Canadian all-cargo carrier Cargojet announced third-quarter adjusted earnings before interest, tax and depreciation (EBITD) of US$18.7 million, an increase of $10.2 million, or 120 percent over same period in the previous year. Total revenues rose 7.2 percent, year-over-year, to $59.9 million.
“We are very pleased with the strong financial results achieved in the third quarter,” said Ajay Virmani, Cargojet’s president and CEO. “We continue to focus on optimizing our overnight network, growing our charter business during the day and on weekends, and to improving our balance sheet.”
That said, a strong showing was offset by expansion costs related to the deals, including an express mail contract with Canada Post, which the carrier signed with Purolator Express back in late 2014, that frontloaded significant aircraft and personnel costs. Cargojet also cited higher finance costs related to aircraft acquisitions, “impairment charges” related to the five Bombardier Challenger aircraft it purchased in 2014, and losses related to foreign exchange costs and settlement of debt. The carrier’s EBIT slipped to a loss of $4.9 million, from just over $2 million lost in Q3 last year.

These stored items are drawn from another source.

(* In the Euclidean plane with coordinates $(x,y)$, $r^2=x^2+y^2$, let $V=\frac{M(y/r^2)}{r^4}$ where $M$ is an arbitrary smooth function. Then $V$ satisfies $\frac{x^2-y^2}{2}V_{,x}+xyV_{,y}+2xV=0$, and for the system $\ddot x=-V_{,x}$, $\ddot y=-V_{,y}$ restricted to zero energy $\dot x^2+\dot y^2+2V=0$, the quantity $$I=\frac{x^2-y^2}{2}\dot x+xy\dot y$$ is a first integral. Moreover, every zero-energy solution with $I=0$ (and $r\neq0$) lies on a circle $r=c_1\cos\theta$, i.e. $(x-\tfrac{c_1}{2})^2+y^2=\tfrac{c_1^2}{4}$ for some constant $c_1\ne0$, and along it $\theta(t)$ satisfies $t-t_0=c_1^3\int\frac{\cos^2\theta\,d\theta}{\sqrt{-2M(\tan\theta/c_1)}}$.
   Context: Polar coordinates $x=r\cos\theta$, $y=r\sin\theta$. A first integral of the constrained system is a function whose time derivative vanishes along every solution satisfying the zero-energy constraint. *)

From Stdlib Require Import Reals.
From Coquelicot Require Import Coquelicot.
Open Scope R_scope.

Definition smooth (M : R -> R) : Prop := forall (n : nat) (u : R), ex_derive_n M n u.

Definition r2 (x y : R) : R := x ^ 2 + y ^ 2.

Definition V (M : R -> R) (x y : R) : R := M (y / r2 x y) / (r2 x y) ^ 2.

Definition dVx (M : R -> R) (x y : R) : R := Derive (fun u => V M u y) x.
Definition dVy (M : R -> R) (x y : R) : R := Derive (fun v => V M x v) y.

Definition Iq (x y vx vy : R) : R := (x ^ 2 - y ^ 2) / 2 * vx + x * y * vy.

Definition in_open (a b : Rbar) (t : R) : Prop := Rbar_lt a t /\ Rbar_lt t b.

Definition zero_energy_solution (M : R -> R) (a b : Rbar) (x y : R -> R) : Prop :=
  forall t, in_open a b t ->
    ~ (x t = 0 /\ y t = 0) /\
    ex_derive x t /\ ex_derive y t /\
    ex_derive (Derive x) t /\ ex_derive (Derive y) t /\
    Derive (Derive x) t = - dVx M (x t) (y t) /\
    Derive (Derive y) t = - dVy M (x t) (y t) /\
    (Derive x t) ^ 2 + (Derive y t) ^ 2 + 2 * V M (x t) (y t) = 0.

(* Proof outline.
   1. Computing V_x and V_y explicitly shows the PDE
      (x^2-y^2)/2 V_x + x y V_y + 2 x V = 0 by field arithmetic.
   2. Along a solution, dI/dt = x (xdot^2 + ydot^2 + 2V) - (PDE expression),
      which vanishes at zero energy: I is a first integral.
   3. d/dt (x/r^2) = -2 I / r^4, so I = 0 makes x/r^2 a constant k <> 0 on the
      time interval, i.e. the orbit lies on the circle r = c1 cos theta, c1 = 1/k.
   4. A continuous polar angle theta differs locally from atan(y/x) by a
      constant multiple of PI, hence theta' = (x ydot - y xdot)/r^2.
   5. On the circle, I = 0 and zero energy give
      (theta' cos^2 theta / sqrt(-2 M(tan theta / c1)))^2 = k^6; a continuous
      function with constant nonzero square is constant on the interval, and the
      substitution phi = theta(s) in the integral yields the quadrature. *)

From Stdlib Require Import Reals Lra Lia Psatz.
From Coquelicot Require Import Coquelicot.
Open Scope R_scope.

Lemma smooth_ex_derive (M : R -> R) : smooth M -> forall u, ex_derive M u.
Proof. intros HM u. exact (HM 1%nat u). Qed.

Lemma r2_pos (x y : R) : ~ (x = 0 /\ y = 0) -> 0 < r2 x y.
Proof.
  intros H. unfold r2.
  destruct (Req_dec x 0) as [Hx|Hx].
  - assert (Hy : y <> 0) by tauto. pose proof (pow2_gt_0 y Hy). subst. lra.
  - pose proof (pow2_gt_0 x Hx). pose proof (pow2_ge_0 y). lra.
Qed.

Lemma dVx_eq (M : R -> R) (x y : R) : smooth M -> ~ (x = 0 /\ y = 0) ->
  dVx M x y = - 2 * x * y * Derive M (y / r2 x y) / (r2 x y) ^ 4
              - 4 * x * M (y / r2 x y) / (r2 x y) ^ 3.
Proof.
  intros HM H. pose proof (r2_pos x y H) as Hr.
  unfold dVx. apply is_derive_unique. unfold V, r2 in *.
  auto_derive.
  - repeat split; try apply smooth_ex_derive; auto; nra.
  - change (fun u => M u) with M.
    replace (y * / (x * (x * 1) + y * (y * 1))) with (y / (x ^ 2 + y ^ 2))
      by (unfold Rdiv; f_equal; f_equal; ring).
    field. nra.
Qed.

Lemma dVy_eq (M : R -> R) (x y : R) : smooth M -> ~ (x = 0 /\ y = 0) ->
  dVy M x y = (x ^ 2 - y ^ 2) * Derive M (y / r2 x y) / (r2 x y) ^ 4
              - 4 * y * M (y / r2 x y) / (r2 x y) ^ 3.
Proof.
  intros HM H. pose proof (r2_pos x y H) as Hr.
  unfold dVy. apply is_derive_unique. unfold V, r2 in *.
  auto_derive.
  - repeat split; try apply smooth_ex_derive; auto; nra.
  - change (fun u => M u) with M.
    replace (y * / (x * (x * 1) + y * (y * 1))) with (y / (x ^ 2 + y ^ 2))
      by (unfold Rdiv; f_equal; f_equal; ring).
    field. nra.
Qed.

Lemma V_pde (M : R -> R) (x y : R) : smooth M -> ~ (x = 0 /\ y = 0) ->
  (x ^ 2 - y ^ 2) / 2 * dVx M x y + x * y * dVy M x y + 2 * x * V M x y = 0.
Proof.
  intros HM H. pose proof (r2_pos x y H) as Hr.
  rewrite dVx_eq, dVy_eq by auto. unfold V, r2 in *. field. nra.
Qed.

(* I is conserved: its derivative is x * (energy) minus the PDE expression. *)
Lemma Iq_first_integral (M : R -> R) (a b : Rbar) (x y : R -> R) (t : R) :
  smooth M -> zero_energy_solution M a b x y -> in_open a b t ->
  is_derive (fun s => Iq (x s) (y s) (Derive x s) (Derive y s)) t 0.
Proof.
  intros HM Hs Ht.
  destruct (Hs t Ht) as (Hnz & Hx & Hy & Hx' & Hy' & Exx & Eyy & Energy).
  pose proof (V_pde M (x t) (y t) HM Hnz) as Pde.
  unfold Iq. auto_derive; [repeat split; auto|].
  change (fun s => x s) with x. change (fun s => y s) with y.
  change (fun s => Derive x s) with (Derive x).
  change (fun s => Derive y s) with (Derive y).
  rewrite Exx, Eyy.
  transitivity (x t * (Derive x t ^ 2 + Derive y t ^ 2 + 2 * V M (x t) (y t))
    - ((x t ^ 2 - y t ^ 2) / 2 * dVx M (x t) (y t) + x t * y t * dVy M (x t) (y t)
       + 2 * x t * V M (x t) (y t))).
  - field.
  - rewrite Energy, Pde. ring.
Qed.

Lemma in_open_between (a b : Rbar) (t0 t s : R) :
  in_open a b t0 -> in_open a b t -> Rmin t0 t <= s <= Rmax t0 t -> in_open a b s.
Proof.
  intros [Ha0 Hb0] [Ha Hb] Hs. unfold Rmin, Rmax in Hs.
  destruct (Rle_dec t0 t); split.
  - apply Rbar_lt_le_trans with t0; auto. simpl; lra.
  - apply Rbar_le_lt_trans with t; auto. simpl; lra.
  - apply Rbar_lt_le_trans with t; auto. simpl; lra.
  - apply Rbar_le_lt_trans with t0; auto. simpl; lra.
Qed.

Lemma in_open_locally (a b : Rbar) (t : R) : in_open a b t -> locally t (in_open a b).
Proof.
  intros [Ha Hb]. apply filter_and.
  - exact (open_Rbar_gt' (Finite t) a Ha).
  - exact (open_Rbar_lt' (Finite t) b Hb).
Qed.

Lemma derive_zero_const (a b : Rbar) (f : R -> R) :
  (forall t, in_open a b t -> is_derive f t 0) ->
  forall t0 t1, in_open a b t0 -> in_open a b t1 -> f t0 = f t1.
Proof.
  intros Hd t0 t1 H0 H1.
  assert (Hin : forall s, Rmin t0 t1 <= s <= Rmax t0 t1 -> in_open a b s)
    by (intros; apply (in_open_between a b t0 t1); auto).
  destruct (MVT_gen f t0 t1 (fun _ => 0)) as (c & _ & Hc).
  - intros s Hs. apply Hd, Hin. lra.
  - intros s Hs. apply continuity_pt_filterlim.
    apply (ex_derive_continuous (K := R_AbsRing) (V := R_NormedModule)).
    exists 0. apply Hd, Hin. exact Hs.
  - lra.
Qed.

Lemma locally_constant_of_gap (g : R -> R) (s d : R) :
  continuous g s -> 0 < d ->
  locally s (fun u => g u = g s \/ d <= Rabs (g u - g s)) ->
  locally s (fun u => g u = g s).
Proof.
  intros Hc Hd Hgap.
  pose proof (proj1 (filterlim_locally g (g s)) Hc (mkposreal d Hd)) as Hnear.
  eapply filter_imp; [|exact (filter_and _ _ Hgap Hnear)].
  intros u [[E|Hfar] Hball]; [exact E|].
  change (Rabs (g u - g s) < d) in Hball. lra.
Qed.

Lemma PI_multiples_gap (m m' : Z) :
  IZR m' * PI = IZR m * PI \/ PI <= Rabs (IZR m' * PI - IZR m * PI).
Proof.
  destruct (Z.eq_dec m' m) as [E|Ne]; [left; subst; reflexivity|right].
  pose proof PI_RGT_0.
  replace (IZR m' * PI - IZR m * PI) with (IZR (m' - m) * PI)
    by (rewrite minus_IZR; ring).
  rewrite Rabs_mult, (Rabs_right PI) by lra.
  assert (Hge : 1 <= Rabs (IZR (m' - m))).
  { destruct (Z.lt_ge_cases (m' - m) 0) as [Hlt|Hle].
    - assert (Hz : (m' - m <= -1)%Z) by lia. apply IZR_le in Hz.
      rewrite Rabs_left by lra. lra.
    - assert (Hz : (1 <= m' - m)%Z) by lia. apply IZR_le in Hz.
      rewrite Rabs_right by lra. lra. }
  nra.
Qed.

Lemma square_gap (p q K : R) :
  0 < K -> p ^ 2 = K ^ 2 -> q ^ 2 = K ^ 2 -> q = p \/ K <= Rabs (q - p).
Proof.
  intros HK Hp Hq.
  assert (Hfact : (q - p) * (q + p) = 0) by (ring_simplify; lra).
  apply Rmult_integral in Hfact. destruct Hfact as [E|E]; [left; lra|right].
  assert (Habs : Rabs p = K).
  { assert (Rabs p ^ 2 = K ^ 2) by (rewrite pow2_abs; exact Hp).
    pose proof (Rabs_pos p). nra. }
  replace (q - p) with (-2 * p) by lra.
  rewrite Rabs_mult, Rabs_left by lra. lra.
Qed.

Lemma derive_x_over_r2 (x y : R -> R) (t : R) :
  ~ (x t = 0 /\ y t = 0) -> ex_derive x t -> ex_derive y t ->
  is_derive (fun s => x s / r2 (x s) (y s)) t
    (- 2 * Iq (x t) (y t) (Derive x t) (Derive y t) / (r2 (x t) (y t)) ^ 2).
Proof.
  intros Hnz Hx Hy. pose proof (r2_pos _ _ Hnz) as Hr.
  unfold Iq, r2 in *. auto_derive; [repeat split; auto; nra|].
  change (fun s => x s) with x. change (fun s => y s) with y.
  field. nra.
Qed.

Lemma x_over_r2_const (M : R -> R) (a b : Rbar) (x y : R -> R) :
  zero_energy_solution M a b x y ->
  (forall t, in_open a b t -> Iq (x t) (y t) (Derive x t) (Derive y t) = 0) ->
  (exists t, in_open a b t /\ x t <> 0) ->
  exists k, k <> 0 /\ forall s, in_open a b s -> x s = k * r2 (x s) (y s).
Proof.
  intros Hs HI [ts [Hts Hxs]].
  assert (Hconst : forall t0 t1, in_open a b t0 -> in_open a b t1 ->
            x t0 / r2 (x t0) (y t0) = x t1 / r2 (x t1) (y t1)).
  { apply derive_zero_const. intros t Ht.
    destruct (Hs t Ht) as (Hnz & Hx & Hy & _).
    pose proof (derive_x_over_r2 x y t Hnz Hx Hy) as Hd.
    rewrite HI in Hd by exact Ht.
    replace (-2 * 0 / r2 (x t) (y t) ^ 2) with 0 in Hd by (unfold Rdiv; ring).
    exact Hd. }
  exists (x ts / r2 (x ts) (y ts)). split.
  - destruct (Hs ts Hts) as (Hnz & _). pose proof (r2_pos _ _ Hnz).
    unfold Rdiv. apply Rmult_integral_contrapositive. split; auto.
    apply Rinv_neq_0_compat. lra.
  - intros s Hs'. rewrite <- (Hconst s ts Hs' Hts).
    destruct (Hs s Hs') as (Hnz & _). pose proof (r2_pos _ _ Hnz). field. lra.
Qed.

Cargojet has grown its network across North America exponentially in recent years, carrying approximately 650 tonnes of cargo each business night. The carrier has more than doubled its fleet size in recent years, to 22 aircraft, consisting of 767-300ER, 767-200ER, 757-200ER and even a few remaining 727-200AF freighter aircraft.
Most recently, the cargo airline grew its freighter service provided to Air Canada Cargo, expanding the carrier’s freighter service to Frankfurt, effective Nov. 19 of this year.